Piketty is right that there is no technical reason why such a tax could not be put into place. In fact, it could fit seamlessly into the regime of financial surveillance that the Obama administration has urged—and many politicians of both parties have abetted—both in broadening sanctions against Putin’s Russia and in forcing an end to bank secrecy in Switzerland. It is democratic politics at the national level that makes such schemes unworkable. Who would get to build the new international system of taxation? The people who know the most, and care the most, about international taxation. That means the people most subject to it. To take nation-states out of the business of revenue collection might actually be giving the wealthy what they’ve sought all along. Piketty seems insufficiently mindful of the risk of regulatory capture.

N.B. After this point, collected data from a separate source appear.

Lemma offdiag_max_exists (g : nat -> nat -> R) n : (1 < n)%N ->
  exists i j, [/\ (i < n)%N, (j < n)%N, i != j &
    forall k l, (k < n)%N -> (l < n)%N -> k != l -> g k l <= g i j].
Proof.
case: n => [|[|n]] // _.
pose P (p : 'I_n.+2 * 'I_n.+2) := val p.1 != val p.2.
have [[i j] /= ij ij_max] := @arg_maxP _ _ _ (ord0, ord_max) P (fun p => g p.1 p.2) isT.
exists i, j; split=> // k l k_lt l_lt kl.
exact: (ij_max (Ordinal k_lt, Ordinal l_lt)).
Qed.

Lemma eq_below_maxE (M x y : R) : x <= M -> y <= M -> ~~ ((x < M) && (y < M)) ->
  x = y <-> ~~ (x < M) && ~~ (y < M).
Proof.
move=> xM yM not_both; split=> [xy | /andP[]]; first by move: not_both; rewrite -xy andbb => ->.
by rewrite -!leNgt => Mx My; apply/le_anti; rewrite (le_trans xM My) (le_trans yM Mx).
Qed.

End Ultrametrics.

Definition cycle_adj (n i j : nat) : Prop :=
  j = i.+1 \/ i = j.+1 \/ (i = 0 /\ j = n.-1) \/ (j = 0 /\ i = n.-1).

Lemma cycle_adjE n i j : 1 < n -> i < n -> j < n ->
  (j = i.+1 %% n \/ i = j.+1 %% n) <-> cycle_adj n i j.
Proof.
move=> n_gt1 i_lt j_lt.
have succ_mod k : k < n -> k.+1 %% n = if k.+1 < n then k.+1 else 0.
  move=> k_lt; case: ltnP => [/modn_small //|k_ge].
  have -> : k.+1 = n by lia.
  by rewrite modnn.
by rewrite !succ_mod // /cycle_adj; do 2 case: ifP; lia.
Qed.

Lemma cycle_adj_sym n i j : cycle_adj n i j -> cycle_adj n j i.
Proof. rewrite /cycle_adj; lia. Qed.

Lemma cycle_adj_succ n k : cycle_adj n k k.+1.
Proof. by left. Qed.

Lemma pred_change_on_path n (K : pred nat) i w : i < n -> w < n -> K i -> ~~ K w ->
  exists2 k, k.+1 < n & K k != K k.+1.
Proof.
move=> i_lt w_lt Ki Kw.
have : exists k, K k != K 0.
  by case K0: (K 0); [exists w; rewrite (negbTE Kw) | exists i; rewrite Ki].
case/ex_minnP=> m Km m_min.
have m_pos : 0 < m by case: m Km {m_min} => //; rewrite eqxx.
have m_lt : m < n.
  have [Ki0 | /m_min] := eqVneq (K i) (K 0); last by lia.
  have /m_min : K w != K 0 by rewrite -Ki0 Ki (negbTE Kw).
  lia.
exists m.-1; first by lia.
have [Kprev | /m_min] := eqVneq (K m.-1) (K 0); last by lia.
by rewrite prednK // Kprev eq_sym.
Qed.

Section LongCycle.
Variable n : nat.
Hypothesis n_gt4 : 4 < n.

Lemma cycle_no_triangle u v w : u < n -> v < n -> w < n ->
  cycle_adj n u v -> cycle_adj n v w -> cycle_adj n u w -> False.
Proof. rewrite /cycle_adj; lia. Qed.

Lemma cycle_no_three_neighbours v i j k : v < n -> i < n -> j < n -> k < n ->
  i != j -> j != k -> i != k ->
  cycle_adj n v i -> cycle_adj n v j -> cycle_adj n v k -> False.
Proof. rewrite /cycle_adj; lia. Qed.

Lemma cycle_no_two_common_neighbours i j u v : i < n -> j < n -> u < n -> v < n ->
  i != j -> u != v ->
  cycle_adj n i u -> cycle_adj n i v -> cycle_adj n j u -> cycle_adj n j v -> False.
Proof. rewrite /cycle_adj; lia. Qed.

Lemma cycle_other_neighbour i w : i < n -> exists2 p, p < n & cycle_adj n i p /\ p != w.
Proof.
move=> i_lt; have [wi | wi] := eqVneq w (if i.+1 < n then i.+1 else 0).
  by exists (if 0 < i then i.-1 else n.-1); move: wi; do 2 case: ifP; rewrite /cycle_adj; lia.
by exists (if i.+1 < n then i.+1 else 0); move: wi; case: ifP; rewrite /cycle_adj; lia.
Qed.

Lemma cycle_module_trivial (K : pred nat) i j w :
  i < n -> j < n -> w < n -> i != j -> K i -> K j -> ~~ K w ->
  (forall v k, v < n -> k < n -> ~~ K v -> K k -> cycle_adj n v k <-> cycle_adj n v i) ->
  False.
Proof.
move=> i_lt j_lt w_lt ij Ki Kj Kw module.
have [v [m [v_lt m_lt Kv Km vm]]] :
    exists v m, [/\ v < n, m < n, ~~ K v, K m & cycle_adj n v m].
  have [k k_lt] := pred_change_on_path i_lt w_lt Ki Kw.
  case Kk: (K k); case Kk1: (K k.+1) => // _.
  - by exists k.+1, k; split; rewrite ?Kk ?Kk1 //; [lia | exact: cycle_adj_sym (cycle_adj_succ _ _)].
  - by exists k, k.+1; split; rewrite ?Kk ?Kk1 //; [lia | exact: cycle_adj_succ].
have vi : cycle_adj n v i := (module v m v_lt m_lt Kv Km).1 vm.
have vj : cycle_adj n v j := (module v j v_lt j_lt Kv Kj).2 vi.
have [p p_lt [ip pv]] := cycle_other_neighbour v i_lt.
have i_neq_p : i != p by move: ip; rewrite /cycle_adj; lia.
case Kp: (K p).
- have vp : cycle_adj n v p := (module v p v_lt p_lt Kv Kp).2 vi.
  have [pj | pj] := eqVneq p j.
    by apply: (cycle_no_triangle v_lt i_lt j_lt vi _ vj); rewrite -pj.
  by apply: (cycle_no_three_neighbours v_lt i_lt j_lt p_lt ij _ i_neq_p vi vj vp); rewrite eq_sym.
- have pj : cycle_adj n p j := (module p j p_lt j_lt (negbT Kp) Kj).2 (cycle_adj_sym ip).
  apply: (cycle_no_two_common_neighbours i_lt j_lt v_lt p_lt ij _
    (cycle_adj_sym vi) ip (cycle_adj_sym vj) (cycle_adj_sym pj)).
  by rewrite eq_sym.
Qed.

End LongCycle.

Lemma cycle_complement_not_two_clusters n (A B : rel nat) :
  n = 5 \/ 7 <= n -> symmetric A -> symmetric B -> transitive A -> transitive B ->
  (forall i j, i < n -> j < n -> i != j ->
     (cycle_adj n i j <-> ~~ A i j && ~~ B i j) /\ ~~ (A i j && B i j)) ->
  False.
Proof.
move=> n57; have n_gt4 : 4 < n by lia.
wlog A02 : A B / A 0 2 => [main Asym Bsym Atr Btr split_AB | Asym Bsym Atr Btr split_AB].
  have [adj02 _] := split_AB 0 2 ltac:(lia) ltac:(lia) isT.
  have : ~~ (~~ A 0 2 && ~~ B 0 2) by apply/negP => /adj02; rewrite /cycle_adj; lia.
  rewrite -negb_or negbK => /orP[A02 | B02]; first exact: main A02 Asym Bsym Atr Btr split_AB.
  apply: (main B A B02) => // i j i_lt j_lt ij.
  by rewrite andbC [B i j && _]andbC; exact: split_AB.
have nonadj i j : i < n -> j < n -> i != j -> ~ cycle_adj n i j -> B i j = ~~ A i j.
  move=> i_lt j_lt ij; have [-> disj] := split_AB i j i_lt j_lt ij.
  by case: (A i j) (B i j) disj => [] [].
have adjA i j : i < n -> j < n -> i != j -> cycle_adj n i j -> ~~ A i j.
  by move=> i_lt j_lt ij /(split_AB i j i_lt j_lt ij).1 /andP[].
have adjB i j : i < n -> j < n -> i != j -> cycle_adj n i j -> ~~ B i j.
  by move=> i_lt j_lt ij /(split_AB i j i_lt j_lt ij).1 /andP[].
rewrite /cycle_adj in nonadj adjA adjB.
case: n57 => [n5 | n_ge7].
- have B24 : B 2 4.
    by rewrite nonadj ?(contra (Atr _ _ _ A02) (adjA 0 4 _ _ _ _)); lia.
  have A41 : A 4 1.
    have nB41 := contra (Btr _ _ _ B24) (adjB 2 1 _ _ _ _).
    by rewrite -[A 4 1]negbK -nonadj ?nB41; lia.
  have B13 : B 1 3.
    by rewrite nonadj ?(contra (Atr _ _ _ A41) (adjA 4 3 _ _ _ _)); lia.
  have A30 : A 3 0.
    have nB30 := contra (Btr _ _ _ B13) (adjB 1 0 _ _ _ _).
    by rewrite -[A 3 0]negbK -nonadj ?nB30; lia.
  by move/negP: (adjA 3 2 ltac:(lia) ltac:(lia) isT ltac:(lia)); apply; exact: Atr A02.
- have A0 k : k \in [:: 4; 5] -> A 0 k.
    rewrite !inE => k45; apply: contraT => nA0k.
    have B0k : B 0 k by rewrite nonadj //; lia.
    case A2k: (A 2 k).
      by move: nA0k; rewrite (Atr _ _ _ A02 A2k).
    have : B 0 2 by apply: Btr B0k _; rewrite Bsym nonadj ?A2k //; lia.
    by rewrite nonadj ?A02 //; lia.
  by move/negP: (adjA 4 5 ltac:(lia) ltac:(lia) isT ltac:(lia)); apply;
    apply: Atr (A0 5 _) => //; rewrite Asym A0.
Qed.

Section EqualUltrametricsOnCycle.
Variables (R : realDomainType) (n : nat) (a b : nat -> nat -> R).
Hypothesis n57 : n = 5 \/ 7 <= n.
Hypotheses (a_ultra : ultrametric a) (b_ultra : ultrametric b).
Hypotheses (aC : commutative a) (bC : commutative b).
Hypothesis adj_eq :
  forall i j, i < n -> j < n -> i != j -> cycle_adj n i j <-> a i j = b i j.
Local Open Scope ring_scope.

Lemma common_offdiag_max : exists M,
  (forall i j, (i < n)%N -> (j < n)%N -> i != j -> a i j <= M /\ b i j <= M) /\
  exists i0 j0, [/\ (i0 < n)%N, (j0 < n)%N & a i0 j0 = M].
Proof.
have n_gt1 : (1 < n)%N by lia.
have [i0 [j0 [i0_lt j0_lt ij0 a_max]]] := offdiag_max_exists a n_gt1.
have [p0 [q0 [p0_lt q0_lt pq0 b_max]]] := offdiag_max_exists b n_gt1.
have step_eq k : (k.+1 < n)%N -> a k k.+1 = b k k.+1.
  by move=> k_lt; apply/adj_eq; [lia | lia | lia | exact: cycle_adj_succ].
(* If, say, max b < max a, then a = b < max a on the edges k k.+1, hence on
   all pairs by [ultrametric_path_lt]. *)
have max_ab : a i0 j0 = b p0 q0.
  case: (ltgtP (a i0 j0) (b p0 q0)) => // [a_lt_b | b_lt_a].
  - suff : b p0 q0 < b p0 q0 by rewrite ltxx.
    apply: (ultrametric_path_lt b_ultra bC) p0_lt q0_lt pq0 => k k_lt.
    by rewrite -step_eq // (le_lt_trans _ a_lt_b) //; apply: a_max; lia.
  - suff : a i0 j0 < a i0 j0 by rewrite ltxx.
    apply: (ultrametric_path_lt a_ultra aC) i0_lt j0_lt ij0 => k k_lt.
    by rewrite step_eq // (le_lt_trans _ b_lt_a) //; apply: b_max; lia.
exists (a i0 j0); split; last by exists i0, j0.
by move=> i j i_lt j_lt ij; rewrite {2}max_ab; split; [exact: a_max | exact: b_max].
Qed.

Section BelowMax.
Variables (M : R) (i0 j0 : nat).
Hypothesis le_M :
  forall i j, (i < n)%N -> (j < n)%N -> i != j -> a i j <= M /\ b i j <= M.
Hypotheses (i0_lt : (i0 < n)%N) (j0_lt : (j0 < n)%N) (a_i0j0 : a i0 j0 = M).

Let below i j := (a i j < M) && (b i j < M).

Lemma below_sym i j : below i j = below j i.
Proof. by rewrite /below aC bC. Qed.

Lemma below_trans i j k : below i j -> below j k -> below i k.
Proof.
move=> /andP[aij bij] /andP[ajk bjk].
by rewrite /below (ultrametric_lt_trans a_ultra aij ajk) (ultrametric_lt_trans b_ultra bij bjk).
Qed.

Lemma adj_below_maxE i j : (i < n)%N -> (j < n)%N -> i != j -> ~~ below i j ->
  cycle_adj n i j <-> ~~ (a i j < M) && ~~ (b i j < M).
Proof.
move=> i_lt j_lt ij not_both; have [aM bM] := le_M i_lt j_lt ij.
exact: iff_trans (adj_eq i_lt j_lt ij) (eq_below_maxE aM bM not_both).
Qed.

Lemma below_class_module i v k : (i < n)%N -> (v < n)%N -> (k < n)%N ->
  ~~ below i v -> below i k -> cycle_adj n v k <-> cycle_adj n v i.
Proof.
move=> i_lt v_lt k_lt iv ik.
have vk : v != k by apply: contraNneq iv => ->.
have vi : v != i by apply: contraNneq iv => ->; apply: (below_trans ik); rewrite below_sym.
have not_vi : ~~ below v i by rewrite below_sym.
have not_vk : ~~ below v k.
  by apply: contra iv => vk_below; apply: (below_trans ik); rewrite below_sym.
have [aik bik] := andP ik.
have a_vk : (a v k < M) = (a v i < M).
  apply/idP/idP => [avk | avi]; last exact: ultrametric_lt_trans a_ultra avi aik.
  by apply: (ultrametric_lt_trans a_ultra avk); rewrite aC.
have b_vk : (b v k < M) = (b v i < M).
  apply/idP/idP => [bvk | bvi]; last exact: ultrametric_lt_trans b_ultra bvi bik.
  by apply: (ultrametric_lt_trans b_ultra bvk); rewrite bC.
rewrite (adj_below_maxE v_lt k_lt vk not_vk) (adj_below_maxE v_lt i_lt vi not_vi).
by rewrite a_vk b_vk.
Qed.

(* The class of [i] under [below] would be a nontrivial module of the cycle. *)
Lemma no_pair_below_max i j : (i < n)%N -> (j < n)%N -> i != j -> ~~ below i j.
Proof.
move=> i_lt j_lt ij; apply/negP => ij_below.
have ii_below : below i i by apply: (below_trans ij_below); rewrite below_sym.
have [w w_lt iw] : exists2 w, (w < n)%N & ~~ below i w.
  have [i0_below | ] := boolP (below i i0); last by exists i0.
  have [j0_below | ] := boolP (below i j0); last by exists j0.
  have /andP[] : below i0 j0 by apply: (below_trans (j := i)) j0_below; rewrite below_sym.
  by rewrite a_i0j0 ltxx.
have n_gt4 : (4 < n)%N by lia.
apply: (@cycle_module_trivial n n_gt4 (below i) i j w) => // v k v_lt k_lt.
exact: below_class_module.
Qed.

End BelowMax.

Lemma equal_ultrametrics_on_cycle_absurd : False.
Proof.
have [M [le_M [i0 [j0 [i0_lt j0_lt a_i0j0]]]]] := common_offdiag_max.
apply: (cycle_complement_not_two_clusters (A := fun i j => a i j < M)
  (B := fun i j => b i j < M) n57).
- by move=> i j /=; rewrite aC.
- by move=> i j /=; rewrite bC.
- by move=> j i k; exact: ultrametric_lt_trans a_ultra.
- by move=> j i k; exact: ultrametric_lt_trans b_ultra.
move=> i j i_lt j_lt ij; have not_both := no_pair_below_max le_M i0_lt j0_lt a_i0j0 i_lt j_lt ij.
by split=> //; exact: adj_below_maxE.
Qed.

End EqualUltrametricsOnCycle.

Lemma has_induced_cycle_nat (V : finType) (L : V -> Prop) (E : V -> V -> Prop) l :
  1 < l -> has_induced_cycle L E l ->
  exists g : nat -> V, forall i j, i < l -> j < l -> i != j ->
    [/\ L (g i), L (g j), g i <> g j & E (g i) (g j) <-> cycle_adj l i j].
Proof.
case: l => // l l_gt1 [f [f_inj [f_L f_adj]]].
exists (fun k => f (inord k)) => i j i_lt j_lt ij.
have neq : inord i <> inord j :> 'I_l.+1.
  by move/(congr1 (@nat_of_ord _)); rewrite !inordK //; exact/eqP.
split=> //; first by move/f_inj.
by apply: iff_trans (f_adj _ _ neq) _; rewrite /= !inordK //; exact: cycle_adjE l_gt1 _ _.
Qed.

Or is he ambivalent, even conflicted, in his own attitude towards elites? On one hand, Piketty worries about the way “modern meritocratic society, especially in the United States, is much harder on the losers.” He takes aim at yuppie elites who think that modern capital has somehow “become more ‘dynamic’ and less ‘rent-seeking.’ ” On the other hand, he talks this way himself sometimes, calling our society “hypermeritocratic,” to distinguish it from “hyperpatrimonial” societies. Although he admits there can be overlap, this sounds more like a defense of Western capitalism than a condemnation.
Piketty seems to draw his own ethics of inequality from Article I of the 1789 Declaration of the Rights of Man and of the Citizen, which he quotes several times in the course of the book. “I have no interest in denouncing inequality or capitalism per se,” Piketty writes, “especially since social inequalities are not in themselves a problem as long as they are justified, that is ‘founded only upon common utility.’ ” He keeps finding different ways to say this. “Democratic modernity,” he says, “is founded on the belief that inequalities based on individual talent and effort are more justified than other inequalities.” Whose democratic modernity? Ayn Rand’s? And then: “I want to insist on this point: the key issue is the justification of inequalities rather than their magnitude as such.”
There is a Christian distrust of wealth that you can find in the Gospels and R. H. Tawney. There is of course a Marxist case against exploitation. But it gets harder to justify an all-out expropriation once you are, as they used to say in France, without Marx or Jesus. Amartya Sen and John Rawls, whom Piketty invokes in passing, are poor substitutes. In the end, it would help to know more about the ethical basis for Piketty’s argument against inequality—especially since a depression and two doses of world war seem to be the only proven antidote for the ailment he has diagnosed.
Christopher Caldwell is a senior editor at The Weekly Standard.